Wade Pogany, director of the Associated School Boards of South Dakota, said school districts are struggling to provide programs and services that students need. Schools cut some classes and programs after the budget cuts, and they are having trouble recruiting and keeping good teachers because of low salaries, he said.

“The best way to improve education is to get the best teachers in front of these children,” Pogany said.

The Republican governor’s proposed budget would boost state aid to schools by 3 percent next year, nearly double the inflationary increase required by law. But groups representing school districts are asking the Legislature to instead provide a 3.8 percent increase, which would put spending per student back where it was before budget cuts were made in 2011.

The 3.8 percent boost, which was proposed by a legislative study panel that met last summer, would require the state to spend $5.3 million more than the governor has recommended.

Pogany noted that spending in most state agencies now exceeds what those agencies were spending before the 2011 cut. School districts also should be restored to spending levels found before the cut, he said.

But Jim Terwilliger of the state Bureau of Finance and Management said projected state revenues for next year would not cover the extra $5.3 million in spending.

If spending is boosted 3.8 percent for schools, the Legislature probably would follow tradition and give the same increase to state employee salaries and facilities that provide medical care to poor people in the Medicaid program, Terwilliger said. Increases for state employees and Medicaid providers would cost more money, he said.

“At the end of the day, we well know the Constitution requires a balanced budget,” Terwilliger said.

State aid was frozen in 2010 and cut in 2011 as part of Daugaard’s plan to slash most spending by 10 percent as a result of the recession. Because of some changes made by the Legislature, the effective cut to school districts in 2011 was 6.6 percent.

Daugaard’s plan would set spending per student from state and local funds at $4,764 next year. School districts want it raised to $4,805, the level in place before the 2011 cuts.

School district officials argue that they need more money to attract new teachers and keep the ones they have. Teachers often move to other states or take nonteaching jobs that pay more, they said.
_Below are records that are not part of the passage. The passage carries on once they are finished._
Lemma exists_values_tuple k (xs : k.-tuple V) chi :
  (forall j, chi (tnth xs j) != None) ->
  exists s0 : k.-tuple Sig, forall s,
    [forall j, chi (tnth xs j) == Some (tnth s j)] = (s == s0).
Proof.
move=> defined.
have /fin_all_exists[f chi_f] : forall j, exists a, chi (tnth xs j) = Some a.
  by move=> j; move: (defined j); case: (chi (tnth xs j)) => [a|] // _; exists a.
exists [tuple f j | j < k] => s; apply/forallP/eqP => [s_vals|->] /=.
  apply: eq_from_tnth => j; rewrite tnth_mktuple.
  by move: (s_vals j); rewrite chi_f => /eqP [].
by move=> j; rewrite tnth_mktuple chi_f.
Qed.

End Assignments.

Section SheraliAdams.
Variables (R : realType) (V Sig : finType) (r : nat).
Variable X : {set V} -> assign V Sig -> R.
Hypothesis HX : SA_solution r X.
Implicit Types (phi psi : assign V Sig) (A B S : {set V}).

Lemma SA_ge0 S phi : (#|S| <= r)%N -> 0 <= X S phi.
Proof. by case: HX => + _ _ _; apply. Qed.

Lemma SA_dom S phi : (#|S| <= r)%N -> X S phi != 0 -> dom phi = S.
Proof. by case: HX => _ dom_X _ _ hS; apply: contraNeq => /(dom_X S phi hS) ->. Qed.

Lemma SA_sum1 S : (#|S| <= r)%N -> \sum_phi X S phi = 1.
Proof. by case: HX => _ _ + _; apply. Qed.

Lemma SA_marginal B A psi : B \subset A -> (#|A| <= r)%N ->
  \sum_(phi | restr B phi == psi) X A phi = X B psi.
Proof.
move=> sBA hA; have hB := leq_trans (subset_leq_card sBA) hA.
case: HX => _ _ _ /(_ A B psi hA hB); rewrite (setIidPr sBA) => ->.
rewrite big_mkcond (bigD1 psi) //= big1 ?addr0 => [|phi phi_psi]; last first.
  have [->|/(SA_dom hB) dphi] := eqVneq (X B phi) 0; first by rewrite if_same.
  by rewrite restr_id // (negPf phi_psi).
case: eqP => // /eqP restr_psi; apply/esym/eqP; apply: contraNT restr_psi.
by move/(SA_dom hB)/restr_id ->.
Qed.

Lemma SA_marginal_pred B A (P : pred (assign V Sig)) :
  B \subset A -> (#|A| <= r)%N ->
  \sum_(phi | P (restr B phi)) X A phi = \sum_(psi | P psi) X B psi.
Proof.
move=> sBA hA; rewrite (partition_big (restr B) P) //=.
apply: eq_bigr => psi Ppsi.
rewrite -(SA_marginal psi sBA hA); apply: eq_bigl => phi.
by apply: andb_idl => /eqP ->.
Qed.

Lemma SA_sum_restr B A (G : assign V Sig -> R) : B \subset A -> (#|A| <= r)%N ->
  \sum_phi X A phi * G (restr B phi) = \sum_psi X B psi * G psi.
Proof.
move=> sBA hA; rewrite (partition_big (restr B) predT) //=.
apply: eq_bigr => psi _.
by rewrite -(SA_marginal psi sBA hA) mulr_suml; apply: eq_bigr => phi /eqP ->.
Qed.

Lemma SA_le_marginal B A phi : B \subset A -> (#|A| <= r)%N ->
  X A phi <= X B (restr B phi).
Proof.
move=> sBA hA; rewrite -(SA_marginal _ sBA hA) (bigD1 phi) //= lerDl.
by apply: sumr_ge0 => psi _; apply: SA_ge0.
Qed.

End SheraliAdams.

Section BigSums.
Variable R : realType.
(* Each cycle of the lift is determined by its projection and its starting bit. *)
Lemma ncycles_lift2_le (T : finType) (H : rel T) (s : T -> T -> bool) L :
  (forall u v, s u v = s v u) ->
  ncycles (lift2 H s) L <=
  2 * #|[set F : {ffun 'I_L.+1 -> T} | nbcycleb H F && ~~ parity s L (fval F)]|.
Proof.
move=> s_sym.
set B := [set F : {ffun 'I_L.+1 -> T} | nbcycleb H F && ~~ parity s L (fval F)].
pose Phi (F : {ffun 'I_L.+1 -> T * bool}) := ([ffun i => (F i).1], (F ord0).2).
have fval_proj (F : {ffun 'I_L.+1 -> T * bool}) k :
    fval [ffun i => (F i).1] k = (fval F k).1 by rewrite /fval ffunE.
rewrite /ncycles -(card_in_imset (f := Phi)).
  apply: leq_trans (subset_leq_card (_ : _ \subset setX B [set: bool])) _.
    apply/subsetP => _ /imsetP[F + ->]; rewrite !inE andbT => /nbcycleP CF.
    apply/andP; split.
      apply/nbcycleP; have [f0 adj nb] := nbcycle_proj_lift2 s_sym CF.
      by split=> [|i lt_i|i lt_i]; rewrite !fval_proj; [ | apply: adj | apply: nb].
    suff -> : parity s L (fval [ffun i => (F i).1]) = parity s L (fun i => (fval F i).1).
      by rewrite (parity_proj_lift2 CF).
    by apply: eq_bigr => i _; rewrite !fval_proj.
  by rewrite cardsX cardsT card_bool mulnC.
move=> F1 F2; rewrite !inE => /nbcycleP[_ adj1 _] /nbcycleP[_ adj2 _] [E1 E2].
have E1i i : (F1 i).1 = (F2 i).1.
  by have := congr1 (fun g : {ffun 'I_L.+1 -> T} => g i) E1; rewrite /= !ffunE.
have Eb k : k <= L -> (fval F1 k).2 = (fval F2 k).2.
  elim: k => [|k IH] le_k.
    by rewrite /fval (_ : inord 0 = ord0) //; apply: val_inj; rewrite /= inordK.
  rewrite (lift2_bit (adj1 k le_k)) (lift2_bit (adj2 k le_k)) IH; last lia.
  by rewrite /fval !E1i.
apply/ffunP => i; have := Eb i (leq_ord i); rewrite /fval inord_val.
by case: (F1 i) (F2 i) (E1i i) => [? ?] [? ?] /= -> ->.
Qed.

Lemma exists_lt_of_sum (I : finType) (a : I -> nat) c i0 :
  \sum_i a i = #|I| * c -> c < a i0 -> exists i, a i < c.
Proof.
move=> sum_a lt_c; case: (pickP (fun i => a i < c)) => [i lt_i|ge_c]; first by exists i.
have le_rest : \sum_(i | i != i0) c <= \sum_(i | i != i0) a i.
  by apply: leq_sum => i _; move/negbT: (ge_c i); rewrite -leqNgt.
have := sum_nat_const I c; rewrite cardT -cardE (bigD1 i0) //= => sumc.
by move: sum_a; rewrite (bigD1 i0) //= -sumc; lia.
Qed.

Lemma sum_nat_bool (I : finType) (P : pred I) : \sum_i (P i : nat) = #|[set i | P i]|.
Proof. by rewrite -sum1dep_card [RHS]big_mkcond; apply: eq_bigr => i _; case: (P i). Qed.

Section Signings.
Variable T : finType.

(* Signings are indexed by ordered pairs; ordering each pair by [enum_rank]
   makes them symmetric. *)
Definition upair (u v : T) : T * T :=
  if enum_rank u <= enum_rank v then (u, v) else (v, u).

Lemma upairC (u v : T) : upair u v = upair v u.
Proof.
rewrite /upair; case: leqP => uv; case: leqP => vu //; try lia.
have /enum_rank_inj -> // : enum_rank u = enum_rank v.
by apply: val_inj; apply/eqP; rewrite eqn_leq uv vu.
Qed.

Lemma upair_inj (a b c d : T) : upair a b = upair c d -> (a = c /\ b = d) \/ (a = d /\ b = c).
Proof. by rewrite /upair; case: ifP; case: ifP => _ _ [-> ->]; auto. Qed.

Definition sym_sign (t : {ffun T * T -> bool}) (u v : T) : bool := t (upair u v).

Lemma sym_signC t u v : sym_sign t u v = sym_sign t v u.
Proof. by rewrite /sym_sign upairC. Qed.

Variable H : rel T.

Lemma nbcycle_distinct L f : nbcycle H L f -> nbcycle_free H L.-1 ->
  forall i j, i < j <= L -> 0 < i \/ j < L -> f i <> f j.
Proof.
move=> [f0 adj nb] CF i j /andP[lt_ij le_jL] inner E.
apply: (CF (j - i) (fun k => f (i + k))); try lia.
split=> [|k lt_k|k lt_k]; first by rewrite addn0 subnKC ?E //; lia.
  by rewrite addnS; apply: adj; lia.
by rewrite !addnS; apply: nb; lia.
Qed.

(* On a shortest cycle the first edge is traversed only once, so flipping its
   sign flips the parity of the cycle. *)
Lemma nbcycle_first_edge_once L f : nbcycle H L f -> nbcycle_free H L.-1 ->
  forall i, 0 < i < L -> upair (f i) (f i.+1) <> upair (f 0) (f 1).
Proof.
move=> C CF i /andP[i_gt0 lt_iL] /upair_inj[[A B]|[A B]].
  by apply: (nbcycle_distinct C CF (i := 0) (j := i)); [lia | right; lia | rewrite A].
have [lt_i1L|ge_i1L] := ltnP i.+1 L.
  by apply: (nbcycle_distinct C CF (i := 0) (j := i.+1)); [lia | right; lia | rewrite B].
have [lt_1i|ge_1i] := ltnP 1 i.
  by apply: (nbcycle_distinct C CF (i := 1) (j := i)); [lia | left; lia | rewrite A].
have [f0 _ nb] := C; apply: (nb 0); first lia.
have L2 : L = 2 by lia.
by rewrite f0 L2.
Qed.

Lemma card_even_signings L f : 0 < L -> nbcycle H L f -> nbcycle_free H L.-1 ->
  2 * #|[set t : {ffun T * T -> bool} | ~~ parity (sym_sign t) L f]| =
  #|{ffun T * T -> bool}|.
Proof.
move=> L_gt0 C CF; set c := upair (f 0) (f 1).
pose flip (t : {ffun T * T -> bool}) := [ffun z => if z == c then ~~ t z else t z].
have flipK : involutive flip.
  by move=> t; apply/ffunP => z; rewrite !ffunE; case: eqP => // _; rewrite negbK.
have parity_flip t : parity (sym_sign (flip t)) L f = ~~ parity (sym_sign t) L f.
  rewrite /parity big_ltn // [X in _ = ~~ X]big_ltn // /sym_sign ffunE -/c eqxx addNb.
  congr (~~ (_ (+) _)); apply: eq_big_nat => i /andP[i_gt0 lt_iL].
  by rewrite ffunE ifF //; apply/eqP; apply: (nbcycle_first_edge_once C CF); lia.
set X := [set t | ~~ parity (sym_sign t) L f].
have flipX : flip @: X = ~: X.
  apply/setP => t; rewrite !inE; apply/imsetP/idP.
    by move=> [u]; rewrite inE => Hu ->; rewrite parity_flip negbK.
  by move=> Ht; exists (flip t); rewrite ?flipK // inE parity_flip.
have := cardsC X; rewrite -flipX card_imset; last exact: can_inj flipK.
by move=> <-; lia.
Qed.

Lemma exists_signing_fewer_cycles L :
  0 < L -> nbcycle_free H L.-1 -> 0 < ncycles H L ->
  exists s, (forall u v, s u v = s v u) /\ ncycles (lift2 H s) L < ncycles H L.
Proof.
move=> L_gt0 CF cyc.
pose B (t : {ffun T * T -> bool}) :=
  [set F : {ffun 'I_L.+1 -> T} | nbcycleb H F && ~~ parity (sym_sign t) L (fval F)].
suff [t lt_t] : exists t, 2 * #|B t| < ncycles H L.
  exists (sym_sign t); split; first exact: sym_signC.
  by apply: leq_ltn_trans lt_t; apply: ncycles_lift2_le; apply: sym_signC.
apply: (exists_lt_of_sum (i0 := [ffun => false])); last first.
  suff -> : B [ffun => false] = [set F | nbcycleb H F] by rewrite -/(ncycles H L); lia.
  apply/setP => F; rewrite !inE /parity big1 ?andbT // => i _.
  by rewrite /sym_sign ffunE.
(* Count pairs (signing, cycle lifting to a cycle) in both orders. *)
transitivity (\sum_(F : {ffun 'I_L.+1 -> T}) \sum_(t : {ffun T * T -> bool})
                 2 * (nbcycleb H F && ~~ parity (sym_sign t) L (fval F))).
  rewrite exchange_big; apply: eq_bigr => t _.
  by rewrite -big_distrr sum_nat_bool.
rewrite /ncycles -sum_nat_bool big_distrr /=; apply: eq_bigr => F _.
case: (boolP (nbcycleb H F)) => [/nbcycleP C|_]; last by rewrite big1 ?muln0.
by rewrite -big_distrr /= sum_nat_bool card_even_signings // muln1.
Qed.

End Signings.

Definition reduces_short_cycles (T : finType) (H : rel T) (s : T -> T -> bool) : Prop :=
  (forall u v, s u v = s v u) /\
  forall L, 0 < L -> nbcycle_free H L.-1 -> 0 < ncycles H L ->
    ncycles (lift2 H s) L < ncycles H L.

Lemma exists_reducing_signing (T : finType) (H : rel T) :
  exists s, reduces_short_cycles H s.
Proof.
have [[L [L_gt0 CF cyc]]|none] :=
  classic (exists L, [/\ 0 < L, nbcycle_free H L.-1 & 0 < ncycles H L]); last first.
  by exists (fun _ _ => false); split=> // L *; case: none; exists L.
have [s [s_sym fewer]] := exists_signing_fewer_cycles L_gt0 CF cyc.
exists s; split=> // L' L'_gt0 CF' cyc'; suff -> : L' = L by [].
have [f Cf] := (ncycles_gt0 H L).1 cyc; have [f' Cf'] := (ncycles_gt0 H L').1 cyc'.
case: (ltngtP L' L) => // [lt_L'L|lt_LL']; first by case: (CF L' f') => //; lia.
by case: (CF' L f) => //; lia.
Qed.

Definition reducing_signing (T : finType) (H : rel T) : T -> T -> bool :=
  epsilon (inhabits (fun _ _ : T => false)) (reduces_short_cycles H).

Lemma reducing_signingP (T : finType) (H : rel T) :
  reduces_short_cycles H (reducing_signing H).
Proof. exact: epsilon_spec (exists_reducing_signing H). Qed.

Lemma nbcycle_freeS (T : finType) (H : rel T) L :
  nbcycle_free H L -> ncycles H L.+1 = 0 -> nbcycle_free H L.+1.
Proof.
move=> CF no_cyc m f m_gt0 le_m Cf; have [lt_m|] := ltnP m L.+1; first exact: (CF m f).
rewrite leq_eqVlt ltnNge le_m orbF => /eqP mE; subst m.
by have := (ncycles_gt0 H L.+1).2 (ex_intro _ f Cf); rewrite no_cyc.
Qed.

(* Induction on the length: once no shorter cycles remain, each step strictly
   decreases the number of cycles of the next length, until none are left. *)
Lemma nbcycle_free_eventually (Tn : nat -> finType) (Hn : forall n, rel (Tn n)) :
  (forall n L, nbcycle_free (Hn n) L -> nbcycle_free (Hn n.+1) L) ->
  (forall n L, 0 < L -> nbcycle_free (Hn n) L.-1 -> 0 < ncycles (Hn n) L ->
     ncycles (Hn n.+1) L < ncycles (Hn n) L) ->
  forall L, exists M, forall n, M <= n -> nbcycle_free (Hn n) L.
Proof.
move=> free_step fewer.
have free_after L M : nbcycle_free (Hn M) L -> forall n, M <= n -> nbcycle_free (Hn n) L.
  by move=> CF n /subnK <-; elim: (n - M) => [|k IH] //; rewrite addSn; apply: free_step.
elim=> [|L [M freeM]]; first by exists 0 => n _ m f; lia.
set c := ncycles (Hn M) L.+1.
have decr k : ncycles (Hn (k + M)) L.+1 + k <= c \/ nbcycle_free (Hn (k + M)) L.+1.
  elim: k => [|k [IH|IH]]; first by left; rewrite addn0.
  - have [no_cyc|cyc] := posnP (ncycles (Hn (k + M)) L.+1).
      right; rewrite addSn; apply: free_step; apply: nbcycle_freeS no_cyc.
      by apply: freeM; apply: leq_addl.
    left; have := fewer (k + M) L.+1 (ltn0Sn _) (freeM _ (leq_addl _ _)) cyc.
    by rewrite addSn; lia.
  - by right; rewrite addSn; apply: free_step.
exists (c.+1 + M); apply: free_after.
by case: (decr c.+1) => // ?; lia.
Qed.

(* [LV V n] has no [finType] structure, which counting cycles needs: [LVfin V n]
   is the same type built as a [finType], and [to_fin] is the identification. *)
Fixpoint LVfin (V : finType) (n : nat) : finType :=
  match n with 0 => V | n'.+1 => (LVfin V n' * bool)%type end.

Fixpoint tower (V : finType) (e : rel V) (n : nat) : rel (LVfin V n) :=
  match n return rel (LVfin V n) with
  | 0 => e
  | n'.+1 => lift2 (@tower V e n') (reducing_signing (@tower V e n'))
  end.
Arguments tower {V} e n.

Lemma tower_nbcycle_free_eventually (V : finType) (e : rel V) L :
  exists M, forall n, M <= n -> nbcycle_free (tower e n) L.
Proof.
apply: nbcycle_free_eventually => n {}L; last exact: (reducing_signingP _).2.
exact/lift2_nbcycle_free/(reducing_signingP _).1.
Qed.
Joy Smolnisky of the South Dakota Budget and Policy Institute, a nonprofit research group, said South Dakota’s average teacher’s salary was $39,580 in the 2012-2013 school year, 30 percent below the national average. South Dakota’s average teacher salary was also 20 percent to 46 percent lower than those in neighboring states, she said.

Even accounting for South Dakota’s low cost of living, its teachers earn much less than those in other states, she said.

A final decision on state aid to schools likely won’t be made until the Legislature passes a state budget in March.